A recursive approach processes the list by pairing the first element with the Kth element, then recursively processing the remaining elements ?

def k_diff_pairs(data_list, k):
    # Base case: if k is greater than or equal to list length
    if k >= len(data_list):
        return []
    
    # If only one pair possible
    if len(data_list) == k + 1:
        return [data_list[0] + data_list[k]]
    
    # Recursive case: pair first with kth element, then process rest
    return [data_list[0] + data_list[k]] + k_diff_pairs(data_list[1:], k)

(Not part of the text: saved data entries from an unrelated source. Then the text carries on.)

Lemma gram_moment_definite n k u : 0 <= k -> gram n (moment k) u u = 0 ->
  forall j, In j (zrange n) -> u j = 0.
Proof.
  intros Hk HB; rewrite gram_moment in HB by auto; apply trig_poly_coef_eq0.
  intros x Hx; set (W := zrange n) in *.
  assert (Hd : 0 < delta k x) by (apply delta_gt0; pose proof (sin_gt_0 x); lra).
  assert (H0 : delta k x * (cos_poly W u x ^ 2 + sin_poly W u x ^ 2) = 0).
  { apply (RInt_continuous_ge0_eq0 (fun y => delta k y * (cos_poly W u y ^ 2 + sin_poly W u y ^ 2))
      (2 * PI) x); [| | exact HB | pose proof PI_RGT_0; lra].
    - intros y; apply continuous_delta_mult; auto.
      auto_derive; repeat split; auto using ex_derive_cos_poly, ex_derive_sin_poly.
    - intros y; apply Rmult_le_pos; [apply delta_ge0 | nra]. }
  apply Rmult_integral in H0; destruct H0 as [H0 | H0]; [lra | split; nra].
Qed.

(** * Heckman-Opdam polynomials *)

Lemma expsumR_coef n c x :
  expsumR n c x = zsum (zrange n) (fun j => (kron n j + c j) * exp (IZR j * x)).
Proof.
  unfold expsumR; rewrite fold_right_Rplus_map.
  rewrite (zsum_ext _ (fun j => (kron n j + c j) * _)
    (fun j => kron n j * exp (IZR j * x) + c j * exp (IZR j * x))) by (intros; ring).
  rewrite zsum_plus, zsum_kron by (apply NoDup_zrange || (apply In_zrange; lia)); reflexivity.
Qed.

Lemma expsumI_coef n c x : expsumI n c x =
  (cos_poly (zrange n) (fun j => kron n j + c j) x, sin_poly (zrange n) (fun j => kron n j + c j) x).
Proof.
  assert (Hl : forall l, fold_right Cplus (RtoC 0) (map (fun j => Cmult (RtoC (c j)) (cis (IZR j * x))) l)
    = (cos_poly l c x, sin_poly l c x)).
  { induction l as [|i l IH]; simpl; [reflexivity |]; rewrite IH.
    unfold Cplus, Cmult, RtoC, cis, cos_poly, sin_poly; simpl; f_equal; ring. }
  unfold expsumI; rewrite Hl; unfold cos_poly, sin_poly.
  rewrite (zsum_ext _ (fun j => (kron n j + c j) * cos _)
    (fun j => kron n j * cos (IZR j * x) + c j * cos (IZR j * x))) by (intros; ring).
  rewrite (zsum_ext _ (fun j => (kron n j + c j) * sin _)
    (fun j => kron n j * sin (IZR j * x) + c j * sin (IZR j * x))) by (intros; ring).
  rewrite !zsum_plus, !zsum_kron by (apply NoDup_zrange || (apply In_zrange; lia)).
  reflexivity.
Qed.

Lemma Cmult_trig_poly_cis l e x y :
  Cmult (cos_poly l e x, sin_poly l e x) (Cconj (cis (IZR y * x))) =
  (zsum l (fun i => e i * cos (IZR (i - y) * x)), zsum l (fun i => e i * sin (IZR (i - y) * x))).
Proof.
  unfold Cmult, Cconj, cis; simpl; f_equal.
  - transitivity (cos_poly l e x * cos (IZR y * x) + sin_poly l e x * sin (IZR y * x)); [ring |].
    unfold cos_poly, sin_poly; rewrite !zsum_mult_r, <- zsum_plus; apply zsum_ext; intros i _.
    rewrite minus_IZR, Rmult_minus_distr_r, cos_minus; ring.
  - transitivity (sin_poly l e x * cos (IZR y * x) + cos_poly l e x * - sin (IZR y * x)); [ring |].
    unfold cos_poly, sin_poly; rewrite !zsum_mult_r, <- zsum_plus; apply zsum_ext; intros i _.
    rewrite minus_IZR, Rmult_minus_distr_r, sin_minus; ring.
Qed.

Lemma hk_inner_expsumI n k c j : 0 <= k ->
  fst (hk_inner k (expsumI n c) (fun x => cis (IZR j * x))) =
  / (2 * PI) * pairing n (moment k) (fun i => kron n i + c i) j.
Proof.
  intros Hk; unfold hk_inner; set (W := zrange n); set (e := fun i => kron n i + c i).
  set (P := fun x => zsum W (fun i => e i * cos (IZR (i - j) * x))).
  set (Q := fun x => zsum W (fun i => e i * sin (IZR (i - j) * x))).
  assert (Hpt : forall x, scal (delta k x) (Cmult (expsumI n c x) (Cconj (cis (IZR j * x)))) =
    (delta k x * P x, delta k x * Q x)).
  { intros x; rewrite expsumI_coef, Cmult_trig_poly_cis; fold W e.
    unfold scal; simpl; unfold prod_scal; simpl; unfold scal; simpl; unfold mult; reflexivity. }
  assert (HexP : ex_RInt (fun x => delta k x * P x) 0 (2 * PI)).
  { apply ex_RInt_delta_mult; auto; intros y; apply ex_derive_zsum; intros; auto_derive; auto. }
  assert (HexQ : ex_RInt (fun x => delta k x * Q x) 0 (2 * PI)).
  { apply ex_RInt_delta_mult; auto; intros y; apply ex_derive_zsum; intros; auto_derive; auto. }
  rewrite (RInt_ext (V := C_R_CompleteNormedModule) _ (fun x => (delta k x * P x, delta k x * Q x)))
    by (intros; apply Hpt).
  rewrite (is_RInt_unique (V := C_R_CompleteNormedModule) _ 0 (2 * PI)
    (RInt (fun x => delta k x * P x) 0 (2 * PI), RInt (fun x => delta k x * Q x) 0 (2 * PI))).
  - simpl; unfold scal; simpl; unfold prod_scal; simpl; unfold scal; simpl; unfold mult; simpl.
    f_equal; unfold pairing, moment, P; fold W.
    rewrite (RInt_ext _ (fun x => zsum W (fun i => e i * (delta k x * cos (IZR (i - j) * x))))).
    + rewrite RInt_zsum; [apply zsum_ext; intros i _ |].
      * apply (RInt_scal (V := R_CompleteNormedModule)), ex_RInt_delta_cos; auto.
      * intros i; apply (ex_RInt_scal (V := R_NormedModule)), ex_RInt_delta_cos; auto.
    + intros x _; rewrite <- zsum_scal; apply zsum_ext; intros; ring.
  - apply (is_RInt_fct_extend_pair (U := R_NormedModule) (V := R_NormedModule)); simpl;
      apply (RInt_correct (V := R_CompleteNormedModule)); auto.
Qed.

Lemma IsHO_monic k n E : 0 <= k -> IsHO k n E -> exists e,
  monic_below n e /\ (forall j, tri j n -> pairing n (moment k) e j = 0) /\
  forall x, E x = zsum (zrange n) (fun j => e j * exp (IZR j * x)).
Proof.
  intros Hk [c [Hc [HE Horth]]]; exists (fun i => kron n i + c i).
  assert (Hc0 : forall i, ~ tri i n -> c i = 0).
  { intros i Hi; destruct (Req_dec (c i) 0); [auto | exfalso; apply Hi, Hc; auto]. }
  repeat split.
  - rewrite kron_same, Hc0 by (unfold tri; lia); ring.
  - intros i Hin Hi; rewrite kron_neq, Hc0 by auto; ring.
  - intros j Hj; pose proof (hk_inner_expsumI n k c j Hk) as H.
    rewrite Horth in H by auto; simpl in H.
    assert (0 < / (2 * PI)) by (apply Rinv_0_lt_compat; pose proof PI_RGT_0; lra); nra.
  - intros x; rewrite HE; apply expsumR_coef.
Qed.

Theorem mainTheorem3 (k : R) (n : Z) (En Emn : R -> R) :
  0 <= k -> (1 <= n)%Z ->
  IsHO k n En -> IsHO k (- n) Emn ->
  forall x : R, Emn x = En (- x) + k / (IZR n + k) * En x.
Proof.
  intros Hk Hn HE HEm x.
  destruct (IsHO_monic k n En Hk HE) as [e [He [Horth HEx]]].
  destruct (IsHO_monic k (- n) Emn Hk HEm) as [f [Hf [Hforth HEmx]]].
  unfold pairing in Hforth; rewrite zrange_opp in Hforth.
  pose proof (monic_reflection n k (moment k) Hn Hk (moment_opp k) (fun m => moment_rec k m Hk)
    (fun u => gram_moment_definite n k u Hk) e f He Horth Hf Hforth) as Hfe.
  rewrite HEmx, !HEx, zrange_opp, <- (zsum_zrange_opp n (fun j => e j * exp (IZR j * - x))).
  rewrite <- zsum_scal, <- zsum_plus; apply zsum_ext; intros j Hj.
  rewrite Hfe, opp_IZR by auto; replace (- IZR j * - x) with (IZR j * x) by ring; ring.
Qed.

# Initialize original list
my_list = ["T", "U", "T", "O", "R", "I", "A", "L", "S", "P", "O", "I", "N", "T"]
print("The original input list:", my_list)

# Initialize K value
K = 3

# K difference index pairing using recursion
result = k_diff_pairs(my_list, K)
print("The K difference index pairing:", result)

The original input list: ['T', 'U', 'T', 'O', 'R', 'I', 'A', 'L', 'S', 'P', 'O', 'I', 'N', 'T']
The K difference index pairing: ['TO', 'UR', 'TI', 'OA', 'RL', 'IS', 'AP', 'LO', 'SI', 'PN', 'OT']

Using While Loop

A simple iterative approach using a while loop to pair each element with the element K positions ahead ?

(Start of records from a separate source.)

Lemma smooth_cone_dotp_surj (c : 'I_r -> R) :
  exists y, forall i, i \in S -> dotp rho i y = c i.
Proof.
case: S_smooth => card_S S_span _.
have [cf cf_comb] := choice (fun l => S_span (fun l' => (l' == l)%:Z)).
pose B : 'M[R]_(#|S|, n) := \matrix_(j, l) (rho (enum_val j) l)%:~R.
pose C : 'M[R]_(n, #|S|) := \matrix_(l, j) (cf l (enum_val j))%:~R.
have CB : C *m B = 1%:M.
  apply/matrixP => l l'; rewrite !mxE.
  under eq_bigr do rewrite !mxE -intrM.
  rewrite -(big_enum_val (fun i => ((cf l i) * rho i l')%:~R)) /= -rmorph_sum.
  by rewrite -cf_comb eq_sym; case: eqP.
have BC : B *m C = 1%:M by move: B C CB; rewrite card_S => B C; apply: mulmx1C.
pose v : 'cV[R]_#|S| := \col_j c (enum_val j).
exists (fun l => (C *m v) l 0) => i Si.
have : (B *m (C *m v)) (enum_rank_in Si i) 0 = v (enum_rank_in Si i) 0.
  by rewrite mulmxA BC mul1mx.
rewrite [in RHS]mxE enum_rankK_in // => <-.
rewrite mxE /dotp; apply: eq_bigr => l _.
by rewrite !mxE enum_rankK_in.
Qed.

End SmoothCone.
End Pairing.

Section NefValue.
Variables (R : realType) (n r k : nat) (rho : 'I_r -> 'I_n -> int)
  (cone : 'I_k -> {set 'I_r}) (a : 'I_r -> int).
Hypothesis fan : smooth_complete_fan R rho cone.
(* [mL p] is the vertex of P cut out by the facets of the p-th cone and [mK p]
   the linear form of K_X on that cone. *)
Variables mL mK : 'I_k -> 'I_n -> R.
Hypothesis mL_cone : forall p i, i \in cone p -> dotp rho i (mL p) = - (a i)%:~R.
Hypothesis mL_strict :
  forall p j, j \notin cone p -> - (a j)%:~R < dotp rho j (mL p).
Hypothesis mK_cone : forall p i, i \in cone p -> dotp rho i (mK p) = 1.
Definition is_mor (gT : finGroupType) (E P : {set gT}) (f : mor gT) : Prop :=
  [/\ P \subset E, f = restr P f, {in P &, {morph f : x y / x * y}},
      {in P &, injective f} & f @: P \subset E].

(* A (candidate) fusion system: F P f <-> f is a morphism of F with domain P. *)
Definition fsys (gT : finGroupType) := {group gT} -> mor gT -> bool.

Definition fusion_system (gT : finGroupType) (E : {group gT}) (F : fsys gT) : Prop :=
  [/\ (forall P f, F P f -> is_mor E P f),
      (forall (P : {group gT}) g, P \subset E -> g \in E -> F P (cmap P g)),
      (forall P f, F P f -> F (img f P) (minv P f)) &
      (forall (P Q : {group gT}) f g, F P f -> F Q g -> f @: P \subset Q ->
          F P (restr P (g \o f)))].

Definition subfs (gT : finGroupType) (F1 F2 : fsys gT) : Prop :=
  forall P f, F1 P f -> F2 P f.

Definition group_fs (gT : finGroupType) (H : {group gT}) : fsys gT :=
  fun P f => (P \subset H) && [exists h in H, f == cmap P h].

Definition AutF (gT : finGroupType) (F : fsys gT) (P : {group gT}) : {set mor gT} :=
  [set f | F P f & f @: P == P].

Definition AutS (gT : finGroupType) (S P : {group gT}) : {set mor gT} :=
  [set cmap P g | g in 'N_S(P)].

(* Aut_S(P) is a Sylow p-subgroup of Aut_F(P) (index prime to p) *)
Definition fully_automized (gT : finGroupType) (p : nat) (S : {group gT})
    (F : fsys gT) (P : {group gT}) : bool :=
  ~~ (p %| #|AutF F P| %/ #|AutS S P|).

Definition Nphi (gT : finGroupType) (S P : {group gT}) (f : mor gT) : {group gT} :=
  <<[set g in 'N_S(P) |
      restr (img f P) (f \o (fun x => x ^ g^-1) \o minv P f) \in AutS S (img f P)]>>%G.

# Initialize original list
my_list = ["T", "U", "T", "O", "R", "I", "A", "L", "S", "P", "O", "I", "N", "T"]
print("The input list:", my_list)

# Initialize K value
K = 2

# Using while loop for K difference index pairing
result = []
i = 0

while i < len(my_list) - K:
    result.append(my_list[i] + my_list[i + K])
    i += 1

print("The K difference index pairing:", result)

The input list: ['T', 'U', 'T', 'O', 'R', 'I', 'A', 'L', 'S', 'P', 'O', 'I', 'N', 'T']
The K difference index pairing: ['TT', 'UO', 'TR', 'OI', 'RA', 'IL', 'AS', 'LP', 'SO', 'PI', 'ON', 'IT']

Using List Comprehension

The most concise approach using list comprehension to create pairs in a single line ?

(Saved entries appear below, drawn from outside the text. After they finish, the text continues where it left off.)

Lemma balanced_ind_in y : y \in A -> balanced_ind y = (1 - density) / density.
Proof. by rewrite /balanced_ind => ->. Qed.

Hypothesis A0 : A != set0.

Lemma density_gt0 : 0 < density.
Proof.
by rewrite divr_gt0 // ltr0n lt0n ?cards_eq0 // -cardsT -lt0n cardG_gt0.
Qed.

Lemma balanced_ind_norm :
  #|G|%:R^-1 * \sum_y balanced_ind y * (balanced_ind y)^* = (1 - density) / density.
Proof.
have m_neq0 : density != 0 by rewrite gt_eqF ?density_gt0.
have sq y : balanced_ind y * (balanced_ind y)^* =
    (y \in A)%:R * ((1 - 2 * density) / density ^+ 2) + 1.
  rewrite /balanced_ind fmorph_div rmorphB /= !rmorph_nat conj_Creal.
    by case: (y \in A) => /=; field.
  by rewrite /density rpred_div ?rpred_nat.
under eq_bigr do rewrite sq.
rewrite big_split /= -mulr_suml sum_indicator sumr_const -[X in _ + X]mulr_natr.
have cardA : #|A|%:R = density * #|G|%:R by rewrite divfK ?natr_card_neq0.
rewrite cardA mul1r; have := natr_card_neq0 G; move: (#|G|%:R : algC) => n n0.
by field; rewrite m_neq0 n0.
Qed.

End BalancedIndicator.

Lemma mu_cover (L : finType) (gT : L -> finGroupType) l (U : {set {set gT l}}) :
  U \subset classes [set: gT l] -> mu U = density (cover U).
Proof.
move=> Ucl; rewrite /mu /density mulrC cardsT; congr (_ / _).
have /and3P [_ tIcl _] := classes_partition [set: gT l].
by rewrite -(eqP (trivIsetS Ucl tIcl)) natr_sum.
Qed.

Lemma ler_norm_mul_amgm (R : numFieldType) (p q s : R) : 0 < s ->
  `|p * q| <= (s * `|p| ^+ 2 + s^-1 * `|q| ^+ 2) / 2.
Proof.
move=> s_gt0; rewrite ler_pdivlMr ?ltr0n // -subr_ge0 normrM.
have -> : s * `|p| ^+ 2 + s^-1 * `|q| ^+ 2 - `|p| * `|q| * 2 =
          (s * `|p| - `|q|) ^+ 2 / s by field; rewrite gt_eqF.
apply: divr_ge0; last exact: ltW.
by apply: real_exprn_even_ge0; rewrite // rpredB ?rpredM ?normr_real ?gtr0_real.
Qed.

Lemma ler_sum_amgm (R : numFieldType) (I : Type) (r : seq I) (P : pred I)
    (x a b : I -> R) (s : R) :
  (forall i, P i -> x i <= (s * a i + s^-1 * b i) / 2) ->
  \sum_(i <- r | P i) x i <=
    (s * \sum_(i <- r | P i) a i + s^-1 * \sum_(i <- r | P i) b i) / 2.
Proof.
move=> x_le; apply: le_trans (ler_sum _ x_le) _.
by rewrite -mulr_suml big_split /= !mulr_sumr.
Qed.

Lemma odds_antitone (R : numFieldType) (m d : R) :
  0 < m -> m <= d -> d <= 1 -> 0 <= (1 - d) / d <= (1 - m) / m.
Proof.
move=> m_gt0 le_md d_le1; have d_gt0 := lt_le_trans m_gt0 le_md.
apply/andP; split; first by rewrite divr_ge0 ?subr_ge0 // ltW.
by rewrite !mulrBl !mul1r !divff ?gt_eqF // lerD2r lef_pV2 ?posrE.
Qed.

Section PrimitiveExpansion.
Variables (L : finType) (gT : L -> finGroupType).
Variables (D : {set L}) (phi : 'CF(GD gT D)).
Hypothesis phi_imprim :
  forall i : Iirr (GD gT D), imprimitive_char i -> '[phi, 'chi_i] = 0.

Lemma cfun_sum_primitive :
  phi = \sum_(i | primitive_char i) '[phi, 'chi_i] *: 'chi_i.
Proof.
rewrite {1}(cfun_sum_cfdot phi) (bigID primitive_char) /= addrC big1 ?add0r //.
by move=> i /negbNE /phi_imprim ->; rewrite scale0r.
Qed.

Lemma cfnorm_primitive :
  '[phi] = \sum_(i | primitive_char i) `|'[phi, 'chi_i]| ^+ 2.
Proof.
rewrite cfdot_sum_irr (bigID primitive_char) /= addrC big1 ?add0r.
  by apply: eq_bigr => i _; rewrite normCK.
by move=> i /negbNE /phi_imprim ->; rewrite mul0r.
Qed.

End PrimitiveExpansion.

Lemma mem_classJ (G : finGroupType) (C : {set G}) (y z : G) :
  C \in classes [set: G] -> ((y ^ z)%g \in C) = (y \in C).
Proof.
case/imsetP => x _ ->; apply: memJ_norm.
by apply: (subsetP (class_norm _ _)); rewrite inE.
Qed.

Lemma mem_cover_classesJ (G : finGroupType) (U : {set {set G}}) (y z : G) :
  U \subset classes [set: G] -> ((y ^ z)%g \in cover U) = (y \in cover U).
Proof.
move=> Ucl; apply/bigcupP/bigcupP => -[C UC yC]; exists C => //.
  by rewrite -(mem_classJ y z (subsetP Ucl C UC)).
by rewrite (mem_classJ y z (subsetP Ucl C UC)).
Qed.

Lemma repr_class_mem (G : finGroupType) (C : {set G}) :
  C \in classes [set: G] -> repr C \in C.
Proof. by case/imsetP => x _ ->; apply: (mem_repr x); apply: class_refl. Qed.

Section LargeSieveDual.
Variables (L : finType) (gT : L -> finGroupType) (X : finType).
Variable rho : forall l, X -> {set gT l}.
Hypothesis rho_class : forall l v, rho l v \in classes [set: gT l].

Lemma repr_rhoD (D : {set L}) v : repr (rhoD rho D v) \in rhoD rho D v.
Proof.
pose w : {dffun forall l, gT l} := [ffun l => if l \in D then repr (rho l v) else 1%g].
apply: (mem_repr w).
rewrite inE; apply/andP; split.
  by apply/GD_memP => l /negPf lD; rewrite ffunE lD.
by apply/forallP => l; apply/implyP => lD; rewrite ffunE lD repr_class_mem.
Qed.

Lemma sum_cfdot_primitive_classes (D : {set L}) (F : 'CF(GD gT D)) (b : X -> algC) :
    (forall i : Iirr (GD gT D), imprimitive_char i -> '[F, 'chi_i] = 0) ->
  \sum_(i | primitive_char i)
     '[F, 'chi_i] * \sum_v b v * cfclass_val 'chi_i (rhoD rho D v)
  = \sum_v b v * cfclass_val F (rhoD rho D v).
Proof.
move=> F_imprim; under eq_bigr do rewrite mulr_sumr.
rewrite exchange_big /=; apply: eq_bigr => v _.
rewrite [in RHS](cfun_sum_primitive F_imprim) /cfclass_val sum_cfunE mulr_sumr.
by apply: eq_bigr => i _; rewrite cfunE mulrCA.
Qed.

Variables (Z : {set {set L}}) (Delta : algC).
Hypothesis Delta_ge0 : 0 <= Delta.
Hypothesis Delta_bound : forall a : X -> algC,
  \sum_(D in Z) \sum_(i : Iirr (GD gT D) | primitive_char i)
     `| \sum_(v : X) a v * cfclass_val 'chi_i (rhoD rho D v) | ^+ 2
  <= Delta * \sum_(v : X) `|a v| ^+ 2.

Lemma large_sieve_dual (S : {set X}) (F : forall D, 'CF(GD gT D))
    (P : {set L} -> algC) :
  (forall D (i : Iirr (GD gT D)), imprimitive_char i -> '[F D, 'chi_i] = 0) ->
  (forall D, '[F D] = P D) ->
  (forall D v, v \in S -> cfclass_val (F D) (rhoD rho D v) = P D) ->
  (\sum_(D in Z) P D) * #|S|%:R <= Delta.
Proof.
move=> F_imprim F_norm F_S.
have [->|[v0 Sv0]] := set_0Vmem S; first by rewrite cards0 mulr0.
have s_gt0 : 0 < (#|S|%:R : algC) by rewrite ltr0n; apply/card_gt0P; exists v0.
pose a v : algC := (v \in S)%:R.
pose c D i := '[F D, 'chi[GD gT D]_i].
pose T D i := \sum_(v : X) a v * cfclass_val 'chi[GD gT D]_i (rhoD rho D v).
have sum_c : \sum_(D in Z) \sum_(i | primitive_char i) `|c D i| ^+ 2
    = \sum_(D in Z) P D.
  by apply: eq_bigr => D _; rewrite -F_norm (cfnorm_primitive (F_imprim D)).
have norm_a : \sum_v `|a v| ^+ 2 = #|S|%:R.
  rewrite -sum1_card natr_sum [RHS]big_mkcond; apply: eq_bigr => v _.
  by rewrite /a; case: (v \in S); rewrite /= ?normr1 ?normr0 ?expr1n ?expr0n.
have sum_T : \sum_(D in Z) \sum_(i | primitive_char i) `|T D i| ^+ 2
    <= Delta * #|S|%:R by rewrite -norm_a; apply: Delta_bound.
have sum_cT : \sum_(D in Z) \sum_(i | primitive_char i) c D i * T D i
    = #|S|%:R * \sum_(D in Z) P D.
  rewrite mulr_sumr; apply: eq_bigr => D _.
  rewrite (sum_cfdot_primitive_classes _ (F_imprim D)).
  rewrite -sum1_card natr_sum mulr_suml [RHS]big_mkcond.
  apply: eq_bigr => v _; rewrite /a; case: ifP => Sv; last by rewrite mulr0n !mul0r.
  by rewrite F_S // mulr1n !mul1r.
have Lm_ge0 : 0 <= \sum_(D in Z) P D.
  by rewrite -sum_c !sumr_ge0 // => D _; rewrite sumr_ge0 // => i _; rewrite exprn_ge0.
have amgm : #|S|%:R * \sum_(D in Z) P D <=
    (#|S|%:R * \sum_(D in Z) P D + #|S|%:R^-1 * (Delta * #|S|%:R)) / 2.
  rewrite -[X in X <= _](ger0_norm (mulr_ge0 (ltW s_gt0) Lm_ge0)) -{1}sum_cT -sum_c.
  apply: le_trans (ler_norm_sum _ _ _) _.
  pose c2 D := \sum_(i : Iirr (GD gT D) | primitive_char i) `|c D i| ^+ 2.
  pose T2 D := \sum_(i : Iirr (GD gT D) | primitive_char i) `|T D i| ^+ 2.
  apply: le_trans (@ler_sum_amgm _ _ _ _ _ c2 T2 #|S|%:R _) _ => [D _|].
    apply: le_trans (ler_norm_sum _ _ _) _.
    by apply: ler_sum_amgm => i _; apply: ler_norm_mul_amgm.
  rewrite ler_wpM2r ?invr_ge0 ?ler0n // lerD // ler_wpM2l // invr_ge0 ltW //.
rewrite mulrC; move: amgm; rewrite mulrCA mulVf ?mulr1 ?gt_eqF //.
by rewrite ler_pdivlMr ?ltr0n // mulr_natr mulr2n lerD2l.
Qed.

# Initialize original list
my_list = ["A", "B", "C", "D", "E", "F", "G", "H"]
print("The input list:", my_list)

# Initialize K value
K = 3

# K difference index pairing using list comprehension
result = [my_list[i] + my_list[i + K] for i in range(len(my_list) - K)]
print("The K difference index pairing:", result)

The input list: ['A', 'B', 'C', 'D', 'E', 'F', 'G', 'H']
The K difference index pairing: ['AD', 'BE', 'CF', 'DG', 'EH']

Comparison

Conclusion

K difference index pairing pairs elements that are K positions apart in a list. List comprehension provides the most readable and concise solution, while the map() approach offers a functional programming style.